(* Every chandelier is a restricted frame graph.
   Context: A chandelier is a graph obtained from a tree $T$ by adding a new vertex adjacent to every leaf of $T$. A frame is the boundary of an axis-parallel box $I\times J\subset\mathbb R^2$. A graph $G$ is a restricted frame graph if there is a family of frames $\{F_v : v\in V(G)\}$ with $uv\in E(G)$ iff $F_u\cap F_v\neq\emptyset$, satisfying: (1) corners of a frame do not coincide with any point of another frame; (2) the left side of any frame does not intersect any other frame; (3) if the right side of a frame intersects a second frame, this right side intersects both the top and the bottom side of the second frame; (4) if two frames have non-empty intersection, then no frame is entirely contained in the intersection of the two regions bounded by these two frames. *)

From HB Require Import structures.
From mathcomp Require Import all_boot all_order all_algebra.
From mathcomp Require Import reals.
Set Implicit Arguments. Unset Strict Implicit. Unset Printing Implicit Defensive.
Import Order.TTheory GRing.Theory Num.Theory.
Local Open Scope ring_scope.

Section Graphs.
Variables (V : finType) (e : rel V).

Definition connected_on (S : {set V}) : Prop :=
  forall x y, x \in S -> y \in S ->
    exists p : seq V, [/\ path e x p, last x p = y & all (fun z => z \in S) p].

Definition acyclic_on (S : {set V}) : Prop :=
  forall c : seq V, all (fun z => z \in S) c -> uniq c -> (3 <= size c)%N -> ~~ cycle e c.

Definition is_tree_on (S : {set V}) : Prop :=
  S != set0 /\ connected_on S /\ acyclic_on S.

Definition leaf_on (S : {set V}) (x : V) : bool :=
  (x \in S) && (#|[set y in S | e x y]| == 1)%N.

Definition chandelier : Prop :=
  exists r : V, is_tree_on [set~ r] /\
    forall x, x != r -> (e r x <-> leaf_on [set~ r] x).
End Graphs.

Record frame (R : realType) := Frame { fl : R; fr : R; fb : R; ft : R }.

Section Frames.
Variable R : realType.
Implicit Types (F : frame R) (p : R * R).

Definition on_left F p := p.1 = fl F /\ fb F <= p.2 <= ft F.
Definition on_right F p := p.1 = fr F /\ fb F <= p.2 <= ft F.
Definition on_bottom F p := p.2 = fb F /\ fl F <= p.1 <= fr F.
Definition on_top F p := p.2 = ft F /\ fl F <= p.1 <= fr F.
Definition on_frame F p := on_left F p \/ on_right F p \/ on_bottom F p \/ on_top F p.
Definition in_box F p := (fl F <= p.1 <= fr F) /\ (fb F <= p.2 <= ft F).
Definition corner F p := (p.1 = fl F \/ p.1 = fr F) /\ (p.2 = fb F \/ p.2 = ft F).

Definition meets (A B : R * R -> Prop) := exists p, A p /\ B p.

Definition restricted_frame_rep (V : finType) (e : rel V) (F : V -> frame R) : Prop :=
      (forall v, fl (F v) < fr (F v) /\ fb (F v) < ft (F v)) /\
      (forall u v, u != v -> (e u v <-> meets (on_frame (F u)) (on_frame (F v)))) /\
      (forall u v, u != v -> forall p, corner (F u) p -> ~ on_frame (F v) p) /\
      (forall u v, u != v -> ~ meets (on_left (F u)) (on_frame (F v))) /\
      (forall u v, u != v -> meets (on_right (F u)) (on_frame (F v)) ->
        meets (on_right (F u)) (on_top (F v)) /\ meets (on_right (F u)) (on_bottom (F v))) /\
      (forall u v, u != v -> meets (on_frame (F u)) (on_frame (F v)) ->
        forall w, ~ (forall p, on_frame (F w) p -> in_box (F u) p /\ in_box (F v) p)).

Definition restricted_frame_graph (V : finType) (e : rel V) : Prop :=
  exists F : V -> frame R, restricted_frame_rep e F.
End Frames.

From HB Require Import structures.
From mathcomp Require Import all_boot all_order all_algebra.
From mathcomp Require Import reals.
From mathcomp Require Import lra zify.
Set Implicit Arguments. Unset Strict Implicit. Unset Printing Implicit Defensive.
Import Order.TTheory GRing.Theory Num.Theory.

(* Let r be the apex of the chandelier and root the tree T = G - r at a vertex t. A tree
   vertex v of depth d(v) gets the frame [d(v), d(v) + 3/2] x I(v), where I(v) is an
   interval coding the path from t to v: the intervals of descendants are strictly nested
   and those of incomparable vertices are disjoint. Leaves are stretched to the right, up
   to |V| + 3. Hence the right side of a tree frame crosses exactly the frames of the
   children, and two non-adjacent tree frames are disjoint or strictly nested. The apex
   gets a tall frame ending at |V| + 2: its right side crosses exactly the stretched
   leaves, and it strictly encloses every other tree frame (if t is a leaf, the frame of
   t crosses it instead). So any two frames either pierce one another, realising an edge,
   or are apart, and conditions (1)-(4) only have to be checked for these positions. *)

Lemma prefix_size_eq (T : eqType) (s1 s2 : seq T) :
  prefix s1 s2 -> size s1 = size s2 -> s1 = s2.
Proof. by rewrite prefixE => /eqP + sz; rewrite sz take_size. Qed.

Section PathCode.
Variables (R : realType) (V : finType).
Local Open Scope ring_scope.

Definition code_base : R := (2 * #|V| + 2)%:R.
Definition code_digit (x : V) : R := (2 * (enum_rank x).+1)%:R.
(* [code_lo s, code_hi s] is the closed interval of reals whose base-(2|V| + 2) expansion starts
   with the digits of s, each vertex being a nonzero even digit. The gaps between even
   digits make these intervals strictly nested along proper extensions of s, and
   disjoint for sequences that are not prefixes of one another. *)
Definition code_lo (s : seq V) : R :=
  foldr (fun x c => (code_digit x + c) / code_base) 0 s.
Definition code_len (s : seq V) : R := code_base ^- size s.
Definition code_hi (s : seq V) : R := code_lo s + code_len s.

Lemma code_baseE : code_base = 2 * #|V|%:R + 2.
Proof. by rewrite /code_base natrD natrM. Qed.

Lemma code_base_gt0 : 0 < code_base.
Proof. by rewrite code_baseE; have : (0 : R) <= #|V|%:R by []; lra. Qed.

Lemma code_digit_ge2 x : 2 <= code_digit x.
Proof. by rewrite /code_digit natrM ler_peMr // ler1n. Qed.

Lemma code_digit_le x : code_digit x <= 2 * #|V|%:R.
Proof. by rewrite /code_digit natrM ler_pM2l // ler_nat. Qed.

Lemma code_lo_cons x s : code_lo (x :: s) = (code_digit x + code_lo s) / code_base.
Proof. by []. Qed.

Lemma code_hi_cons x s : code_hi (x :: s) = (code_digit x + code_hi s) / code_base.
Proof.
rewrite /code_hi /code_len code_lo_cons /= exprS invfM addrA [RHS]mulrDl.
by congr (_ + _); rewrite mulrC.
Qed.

Work instructions | In your answer, reproduce every entry exactly as it was written.

Problem solution |
(* Every chandelier is a restricted frame graph.
   Context: A chandelier is a graph obtained from a tree $T$ by adding a new vertex adjacent to every leaf of $T$. A frame is the boundary of an axis-parallel box $I\times J\subset\mathbb R^2$. A graph $G$ is a restricted frame graph if there is a family of frames $\{F_v : v\in V(G)\}$ with $uv\in E(G)$ iff $F_u\cap F_v\neq\emptyset$, satisfying: (1) corners of a frame do not coincide with any point of another frame; (2) the left side of any frame does not intersect any other frame; (3) if the right side of a frame intersects a second frame, this right side intersects both the top and the bottom side of the second frame; (4) if two frames have non-empty intersection, then no frame is entirely contained in the intersection of the two regions bounded by these two frames. *)

From HB Require Import structures.
From mathcomp Require Import all_boot all_order all_algebra.
From mathcomp Require Import reals.
Set Implicit Arguments. Unset Strict Implicit. Unset Printing Implicit Defensive.
Import Order.TTheory GRing.Theory Num.Theory.
Local Open Scope ring_scope.

Section Graphs.
Variables (V : finType) (e : rel V).

Definition connected_on (S : {set V}) : Prop :=
  forall x y, x \in S -> y \in S ->
    exists p : seq V, [/\ path e x p, last x p = y & all (fun z => z \in S) p].

Definition acyclic_on (S : {set V}) : Prop :=
  forall c : seq V, all (fun z => z \in S) c -> uniq c -> (3 <= size c)%N -> ~~ cycle e c.

Definition is_tree_on (S : {set V}) : Prop :=
  S != set0 /\ connected_on S /\ acyclic_on S.

Definition leaf_on (S : {set V}) (x : V) : bool :=
  (x \in S) && (#|[set y in S | e x y]| == 1)%N.

Definition chandelier : Prop :=
  exists r : V, is_tree_on [set~ r] /\
    forall x, x != r -> (e r x <-> leaf_on [set~ r] x).
End Graphs.

Record frame (R : realType) := Frame { fl : R; fr : R; fb : R; ft : R }.

Section Frames.
Variable R : realType.
Implicit Types (F : frame R) (p : R * R).

Definition on_left F p := p.1 = fl F /\ fb F <= p.2 <= ft F.
Definition on_right F p := p.1 = fr F /\ fb F <= p.2 <= ft F.
Definition on_bottom F p := p.2 = fb F /\ fl F <= p.1 <= fr F.
Definition on_top F p := p.2 = ft F /\ fl F <= p.1 <= fr F.
Definition on_frame F p := on_left F p \/ on_right F p \/ on_bottom F p \/ on_top F p.
Definition in_box F p := (fl F <= p.1 <= fr F) /\ (fb F <= p.2 <= ft F).
Definition corner F p := (p.1 = fl F \/ p.1 = fr F) /\ (p.2 = fb F \/ p.2 = ft F).

Definition meets (A B : R * R -> Prop) := exists p, A p /\ B p.

Definition restricted_frame_rep (V : finType) (e : rel V) (F : V -> frame R) : Prop :=
      (forall v, fl (F v) < fr (F v) /\ fb (F v) < ft (F v)) /\
      (forall u v, u != v -> (e u v <-> meets (on_frame (F u)) (on_frame (F v)))) /\
      (forall u v, u != v -> forall p, corner (F u) p -> ~ on_frame (F v) p) /\
      (forall u v, u != v -> ~ meets (on_left (F u)) (on_frame (F v))) /\
      (forall u v, u != v -> meets (on_right (F u)) (on_frame (F v)) ->
        meets (on_right (F u)) (on_top (F v)) /\ meets (on_right (F u)) (on_bottom (F v))) /\
      (forall u v, u != v -> meets (on_frame (F u)) (on_frame (F v)) ->
        forall w, ~ (forall p, on_frame (F w) p -> in_box (F u) p /\ in_box (F v) p)).

Definition restricted_frame_graph (V : finType) (e : rel V) : Prop :=
  exists F : V -> frame R, restricted_frame_rep e F.
End Frames.

From HB Require Import structures.
From mathcomp Require Import all_boot all_order all_algebra.
From mathcomp Require Import reals.
From mathcomp Require Import lra zify.
Set Implicit Arguments. Unset Strict Implicit. Unset Printing Implicit Defensive.
Import Order.TTheory GRing.Theory Num.Theory.

(* Let r be the apex of the chandelier and root the tree T = G - r at a vertex t. A tree
   vertex v of depth d(v) gets the frame [d(v), d(v) + 3/2] x I(v), where I(v) is an
   interval coding the path from t to v: the intervals of descendants are strictly nested
   and those of incomparable vertices are disjoint. Leaves are stretched to the right, up
   to |V| + 3. Hence the right side of a tree frame crosses exactly the frames of the
   children, and two non-adjacent tree frames are disjoint or strictly nested. The apex
   gets a tall frame ending at |V| + 2: its right side crosses exactly the stretched
   leaves, and it strictly encloses every other tree frame (if t is a leaf, the frame of
   t crosses it instead). So any two frames either pierce one another, realising an edge,
   or are apart, and conditions (1)-(4) only have to be checked for these positions. *)

Lemma prefix_size_eq (T : eqType) (s1 s2 : seq T) :
  prefix s1 s2 -> size s1 = size s2 -> s1 = s2.
Proof. by rewrite prefixE => /eqP + sz; rewrite sz take_size. Qed.

Section PathCode.
Variables (R : realType) (V : finType).
Local Open Scope ring_scope.

Definition code_base : R := (2 * #|V| + 2)%:R.
Definition code_digit (x : V) : R := (2 * (enum_rank x).+1)%:R.
(* [code_lo s, code_hi s] is the closed interval of reals whose base-(2|V| + 2) expansion starts
   with the digits of s, each vertex being a nonzero even digit. The gaps between even
   digits make these intervals strictly nested along proper extensions of s, and
   disjoint for sequences that are not prefixes of one another. *)
Definition code_lo (s : seq V) : R :=
  foldr (fun x c => (code_digit x + c) / code_base) 0 s.
Definition code_len (s : seq V) : R := code_base ^- size s.
Definition code_hi (s : seq V) : R := code_lo s + code_len s.

Lemma code_baseE : code_base = 2 * #|V|%:R + 2.
Proof. by rewrite /code_base natrD natrM. Qed.

Lemma code_base_gt0 : 0 < code_base.
Proof. by rewrite code_baseE; have : (0 : R) <= #|V|%:R by []; lra. Qed.

Lemma code_digit_ge2 x : 2 <= code_digit x.
Proof. by rewrite /code_digit natrM ler_peMr // ler1n. Qed.

Lemma code_digit_le x : code_digit x <= 2 * #|V|%:R.
Proof. by rewrite /code_digit natrM ler_pM2l // ler_nat. Qed.

Lemma code_lo_cons x s : code_lo (x :: s) = (code_digit x + code_lo s) / code_base.
Proof. by []. Qed.

Lemma code_hi_cons x s : code_hi (x :: s) = (code_digit x + code_hi s) / code_base.
Proof.
rewrite /code_hi /code_len code_lo_cons /= exprS invfM addrA [RHS]mulrDl.
by congr (_ + _); rewrite mulrC.
Qed.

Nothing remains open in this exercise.